Search code examples
javascriptgoogle-apps-scriptencodingcharacter-encodingurlencode

How to generate a Shift_JIS(SJIS) percent encoded string in JavaScript


I'm new to both JavaScript and Google Apps Script and having a problem to convert texts written in a cell to the Shift-JIS (SJIS) encoded letters. For example, the Japanese string "あいう" should be encoded as "%82%A0%82%A2%82%A4" not as "%E3%81%82%E3%81%84%E3%81%86" which is UTF-8 encoded.

I tried EncodingJS and the built-in urlencode() function but it both returns the UTF-8 encoded one.

Would any one tell me how to get the SJIS-encoded letters properly in GAS? Thank you.


Solution

    • You want to do the URL encode from あいう to %82%A0%82%A2%82%A4 as Shift-JIS of the character set.
      • %E3%81%82%E3%81%84%E3%81%86 is the result converted as UTF-8.
    • You want to achieve this using Google Apps Script.

    If my understanding is correct, how about this answer? Please think of this as just one of several possible answers.

    Points of this answer:

    • In order to use Shift-JIS of the character set at Google Apps Script, it is required to use it as the binary data. Because, when the value of Shift-JIS is retrieved as the string by Google Apps Script, the character set is automatically changed to UTF-8. Please be careful this.

    Sample script 1:

    In order to convert from あいう to %82%A0%82%A2%82%A4, how about the following script? In this case, this script can be used for HIRAGANA characters.

    function muFunction() {
      var str = "あいう";
    
      var bytes = Utilities.newBlob("").setDataFromString(str, "Shift_JIS").getBytes();
      var res = bytes.map(function(byte) {return "%" + ("0" + (byte & 0xFF).toString(16)).slice(-2)}).join("").toUpperCase();
      Logger.log(res)
    }
    
    Result:

    You can see the following result at the log.

    %82%A0%82%A2%82%A4
    

    Sample script 2:

    If you want to convert the values including the KANJI characters, how about the following script?

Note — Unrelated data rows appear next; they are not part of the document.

(* Let $s$ be a positive integer, $\alpha\in\mathbb{R}$, $\omega(t)=\alpha+t^s$, $0<R<1$, $m_0>0$, and let $$\varphi:\ \xi'=e^{i\omega(\xi\eta)}\xi\,(1+p(\xi,\eta)),\quad \eta'=e^{-i\omega(\xi\eta)}\eta\,(1+p(\xi,\eta))^{-1},$$ where $p$ is a power series starting with terms of order at least $2s+1$, converging on $\Delta_R$, with $\|p\|_R\le m_0$. For a positive integer $n$ put $$d_0=\min\Big\{\frac{R^{2s+1}}{2^{6s+6}m_0},\ \Big(\frac{1}{2n}\Big)^{1/(2s)},\ \frac{R}{16}\Big\}.$$ Then for every $1\le k\le n$ the iterate $\varphi^k$ is defined on $\Delta_{d_0}$ and maps $\Delta_{d_0}$ into $\Delta_{4d_0}$.
   Context: $\Delta_r=\{(\xi,\eta)\in\mathbb{C}^2:|\xi|<r,|\eta|<r\}$ and $\|p\|_R=\max_{|\xi|,|\eta|\le R}|p(\xi,\eta)|$. *)

From Stdlib Require Import Reals.
From Coquelicot Require Import Coquelicot.
Open Scope R_scope.

Fixpoint Cpow (z : C) (n : nat) : C :=
  match n with O => 1%C | S m => (z * Cpow z m)%C end.

Definition cexp (z : C) : C :=
  (exp (Re z) * cos (Im z), exp (Re z) * sin (Im z)).

Definition in_bidisc (r : R) (z : C * C) : Prop :=
  Cmod (fst z) < r /\ Cmod (snd z) < r.

(* triangular partial sum  sum_{i+j <= N} c i j xi^i eta^j *)
Fixpoint psum2 (c : nat -> nat -> C) (N : nat) (x y : C) : C :=
  let row := fix row (i : nat) : C :=
      match i with
      | O => (c O N * Cpow y N)%C
      | S i' => (c i (N - i)%nat * Cpow x i * Cpow y (N - i) + row i')%C
      end in
  match N with
  | O => (c O O)%C
  | S N' => (psum2 c N' x y + row N)%C
  end.

(* nonnegative partial sum  sum_{i+j <= N} |c i j| |xi|^i |eta|^j *)
Fixpoint abssum2 (c : nat -> nat -> C) (N : nat) (x y : C) : R :=
  let row := fix row (i : nat) : R :=
      match i with
      | O => Cmod (c O N) * Cmod y ^ N
      | S i' => Cmod (c i (N - i)%nat) * Cmod x ^ i * Cmod y ^ (N - i) + row i'
      end in
  match N with
  | O => Cmod (c O O)
  | S N' => abssum2 c N' x y + row N
  end.

(* p is (on Delta_r) the sum of the double power series with coefficients c,
   which converges (absolutely) at every point of Delta_r *)
Definition is_power_series_on (r : R) (c : nat -> nat -> C) (p : C * C -> C) : Prop :=
  forall z : C * C, in_bidisc r z ->
    (exists M : R, forall N : nat, abssum2 c N (fst z) (snd z) <= M) /\
    filterlim (fun N => psum2 c N (fst z) (snd z)) eventually (locally (p z)).

Definition order_at_least (ord : nat) (c : nat -> nat -> C) : Prop :=
  forall i j : nat, (i + j < ord)%nat -> c i j = 0%C.

Definition omega (alpha : R) (s : nat) (t : C) : C := (RtoC alpha + Cpow t s)%C.

Definition phi (alpha : R) (s : nat) (p : C * C -> C) (z : C * C) : C * C :=
  let xi := fst z in let eta := snd z in
  let w := omega alpha s (xi * eta)%C in
  ((cexp (Ci * w) * xi * (1 + p z))%C,
   (cexp (- (Ci * w)) * eta * / (1 + p z))%C).

(* phi is defined at z: z lies in Delta_R (where p converges) and 1 + p z <> 0 *)
Definition phi_defined_at (Rad : R) (p : C * C -> C) (z : C * C) : Prop :=
  in_bidisc Rad z /\ (1 + p z)%C <> 0%C.

Definition d0 (s : nat) (Rad m0 : R) (n : nat) : R :=
  Rmin (Rmin (Rad ^ (2 * s + 1) / (2 ^ (6 * s + 6) * m0))
             (Rpower (/ (2 * INR n)) (/ (2 * INR s))))
       (Rad / 16).

From Stdlib Require Import Reals Lra Lia.
From Coquelicot Require Import Coquelicot.
Open Scope R_scope.

(* Write p = sum_N p_N with p_N homogeneous of degree N. Cauchy's estimates, obtained from the
   discrete Cauchy formula (average over the K-th roots of unity, then let K -> oo), bound p_N by
   m0 on the closed bidisc of radius R/2. Since p_N = 0 for N <= 2s, on Delta_(4 d0) this gives
   |p| <= 2 m0 (8 d0 / R)^(2s+1) <= e/4, where e = d0^(2s). The map phi preserves the product
   xi eta, so along an orbit |Im omega(xi eta)| <= e, and each step multiplies |xi| and |eta| by
   at most exp(e) / (1 - e/4) <= exp(3e/2); as n e <= 1/2, n steps multiply them by at most
   exp(3/4) < 4. *)

Lemma Cpow_add (z : C) (a b : nat) : Cpow z (a + b) = (Cpow z a * Cpow z b)%C.
Proof. induction a as [|a IH]; simpl; [ring | rewrite IH; ring]. Qed.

In this case, 本日は晴天なり is converted to %96%7B%93%FA%82%CD%90%B0%93V%82%C8%82%E8.

    function muFunction() {
      var str = "本日は晴天なり";
      var conv = Utilities.newBlob("0123456789ABCDEFGHIJKLMNOPQRSTUVWXYZabcdefghijklmnopqrstuvwxyz*-.@_").getBytes().map(function(e) {return ("0" + (e & 0xFF).toString(16)).slice(-2)});
      var bytes = Utilities.newBlob("").setDataFromString(str, "Shift_JIS").getBytes();
      var res = bytes.map(function(byte) {
        var n = ("0" + (byte & 0xFF).toString(16)).slice(-2);
        return conv.indexOf(n) != -1 ? String.fromCharCode(parseInt(n[0], 16).toString(2).length == 4 ? parseInt(n, 16) - 256 : parseInt(n, 16)) : ("%" + n).toUpperCase();
      }).join("");
      Logger.log(res)
    }
    
    Result:

    You can see the following result at the log.

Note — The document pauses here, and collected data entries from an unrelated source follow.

Definition is_tree (V : finType) (e : rel V) : Prop :=
  [/\ 0 < #|V|,
      (forall x y : V, connect e x y) &
      (forall c : seq V, uniq c -> 3 <= size c -> ~~ cycle e c)].

Definition graph_iso (A B : finType) (eA : rel A) (eB : rel B) : Prop :=
  exists f : A -> B, bijective f /\ forall x y, eB (f x) (f y) = eA x y.

Section Skew.
Variables (V : finType) (e : rel V).

(* one round of skew forcing: every vertex u (blue or white) with exactly
   one white neighbour v forces v *)
Definition skew_step (B : {set V}) : {set V} :=
  B :|: [set v | [exists u, [set w | e u w & w \notin B] == [set v]]].

(* the final set of blue vertices obtained by repeated forcing from S
   (after #|V| rounds no further force is possible) *)
Definition skew_closure (S : {set V}) : {set V} := iter #|V| skew_step S.

Definition skew_forcing_set (S : {set V}) : bool := skew_closure S == setT.

Definition Zminus : nat :=
  \big[minn/#|V|]_(S : {set V} | skew_forcing_set S) #|S|.

Definition Bempty : {set V} := skew_closure set0.
Definition Wempty : {set V} := ~: Bempty.

(* G is skew-nontrivial: the skew-nontrivial subgraph equals G, i.e. no
   vertex of Bempty has all its neighbours in Bempty, and no edge has
   both endpoints in Bempty. *)
Definition skew_nontrivial : Prop :=
  (forall v, v \in Bempty -> ~ (forall w, e v w -> w \in Bempty)) /\
  (forall u v, e u v -> ~ (u \in Bempty /\ v \in Bempty)).

Definition SD2_vertex := {x : V | x \in Wempty}.
Definition SD2_rel : rel SD2_vertex :=
  fun a b => (val a != val b) && [exists x, e (val a) x && e (val b) x].
End Skew.
Arguments SD2_rel {V} e.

    %96%7B%93%FA%82%CD%90%B0%93V%82%C8%82%E8
    
    • When 本日は晴天なり is converted with the sample script 1, it becomes like %96%7B%93%FA%82%CD%90%B0%93%56%82%C8%82%E8. This can also decoded. But it seems that the result value converted with the sample script 2 is generally used.

    Flow:

    The flow of this script is as follows.

    1. Create new blob as the empty data.
    2. Put the text value of あいう to the blob. At that time, the text value is put as Shift-JIS of the the character set.
      • In this case, even when blob.getDataAsString("Shift_JIS") is used, the result becomes UTF-8. So the blob is required to be used as the binary data without converting to the string data. This is the important point in this answer.
    3. Convert the blob to the byte array.
    4. Convert the bytes array of the signed hexadecimal to the unsigned hexadecimal.
      • At Google Apps Script, the byte array is uses as he signed hexadecimal. So it is required to convert to the unsigned hexadecimal.
      • When the value is the KANJI character, when the characters of 2 bytes can be converted to the string value as the ascii code, the string value is required to be used. The script of "Sample script 2" can be used for this situation.
        • At above sample, becomes %93V.
    5. Add % to the top character of each byte.

    References:

    If I misunderstood your question and this was not the direction you want, I apologize.